=== Begin Enclosure ===

(* Let $(A,P)$ be a $TD$-algebra and let $A_P$ be the vector space $A$ equipped with the (associative) product $a*_P b:=P(a)b+aP(b)-a\,P(1_A)\,b$. Then $P$ is a Nijenhuis operator for $*_P$, i.e. $P(a)*_P P(b)=P\bigl(P(a)*_P b+a*_P P(b)\bigr)-P^2(a*_P b)$ for all $a,b\in A$.
   Context: $\mathbb{K}$ is a field of characteristic $0$; algebras are associative unital $\mathbb{K}$-algebras (not necessarily commutative). A $TD$-algebra is a pair $(A,P)$ with $P:A\to A$ a $\mathbb{K}$-linear map satisfying the $TD$-relation $P(x)P(y)=P\bigl(P(x)y+xP(y)\bigr)-P\bigl(x\,P(1_A)\,y\bigr)$ for all $x,y\in A$. *)

From HB Require Import structures.
From mathcomp Require Import all_boot all_order all_algebra.
Set Implicit Arguments. Unset Strict Implicit. Unset Printing Implicit Defensive.
Import GRing.Theory.
Local Open Scope ring_scope.

Definition TD_relation (K : fieldType) (A : algType K) (P : {linear A -> A}) :=
  forall x y : A, P x * P y = P (P x * y + x * P y) - P (x * P 1 * y).

Definition starP (K : fieldType) (A : algType K) (P : {linear A -> A}) (a b : A) : A :=
  P a * b + a * P b - a * P 1 * b.

From HB Require Import structures.
From mathcomp Require Import all_boot all_order all_algebra.
Local Open Scope ring_scope.
Import GRing.Theory.

(* The TD-relation says exactly that P is an algebra morphism from A_P to A,
   and with y = 1 it gives P(x) P(1) = P(P(x)).  Hence P(a) *_P P(b) collapses
   to P(a) P(P(b)), while the right-hand side becomes
   P(P a) P(b) + P(a) P(P b) - P(P(a) P(b)), in which the outer terms cancel. *)

Section TDAlgebra.

Variables (K : fieldType) (A : algType K) (P : {linear A -> A}).
Hypothesis HTD : TD_relation P.

Lemma TD_mulP1 (x : A) : P x * P 1 = P (P x).
Proof. by rewrite HTD !mulr1 linearD addrK. Qed.

Lemma TD_starP_morph (a b : A) : P (starP P a b) = P a * P b.
Proof. by rewrite /starP linearB /= HTD. Qed.

Lemma TD_PmulP (x y : A) : P (P x * P y) = P (P x) * P y.
Proof. by rewrite [RHS]HTD TD_mulP1 linearD addrC addKr. Qed.

Lemma TD_starP_PP (a b : A) : starP P (P a) (P b) = P a * P (P b).
Proof. by rewrite /starP TD_mulP1 addrC addKr. Qed.

End TDAlgebra.

Theorem proposition3p5 (K : fieldType) (charK0 : [pchar K] =i pred0)
  (A : algType K) (P : {linear A -> A}) (HTD : TD_relation P) :
  forall a b : A,
    starP P (P a) (P b) =
    P (starP P (P a) b + starP P a (P b)) - P (P (starP P a b)).
Proof.
move=> a b.
rewrite TD_starP_PP // linearD /= !TD_starP_morph // TD_PmulP //.
by rewrite addrC addKr.
Qed.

=== End Enclosure ===

- [Exercise description] What should be returned is the run of lines from the first line of the material through the line containing "Hypothesis HTD : TD_relation P.", exact and inclusive, and nothing else.

- [Solution to this exercise]
(* Let $(A,P)$ be a $TD$-algebra and let $A_P$ be the vector space $A$ equipped with the (associative) product $a*_P b:=P(a)b+aP(b)-a\,P(1_A)\,b$. Then $P$ is a Nijenhuis operator for $*_P$, i.e. $P(a)*_P P(b)=P\bigl(P(a)*_P b+a*_P P(b)\bigr)-P^2(a*_P b)$ for all $a,b\in A$.
   Context: $\mathbb{K}$ is a field of characteristic $0$; algebras are associative unital $\mathbb{K}$-algebras (not necessarily commutative). A $TD$-algebra is a pair $(A,P)$ with $P:A\to A$ a $\mathbb{K}$-linear map satisfying the $TD$-relation $P(x)P(y)=P\bigl(P(x)y+xP(y)\bigr)-P\bigl(x\,P(1_A)\,y\bigr)$ for all $x,y\in A$. *)

From HB Require Import structures.
From mathcomp Require Import all_boot all_order all_algebra.
Set Implicit Arguments. Unset Strict Implicit. Unset Printing Implicit Defensive.
Import GRing.Theory.
Local Open Scope ring_scope.

Definition TD_relation (K : fieldType) (A : algType K) (P : {linear A -> A}) :=
  forall x y : A, P x * P y = P (P x * y + x * P y) - P (x * P 1 * y).

Definition starP (K : fieldType) (A : algType K) (P : {linear A -> A}) (a b : A) : A :=
  P a * b + a * P b - a * P 1 * b.

From HB Require Import structures.
From mathcomp Require Import all_boot all_order all_algebra.
Local Open Scope ring_scope.
Import GRing.Theory.

(* The TD-relation says exactly that P is an algebra morphism from A_P to A,
   and with y = 1 it gives P(x) P(1) = P(P(x)).  Hence P(a) *_P P(b) collapses
   to P(a) P(P(b)), while the right-hand side becomes
   P(P a) P(b) + P(a) P(P b) - P(P(a) P(b)), in which the outer terms cancel. *)

Section TDAlgebra.

Variables (K : fieldType) (A : algType K) (P : {linear A -> A}).
Hypothesis HTD : TD_relation P.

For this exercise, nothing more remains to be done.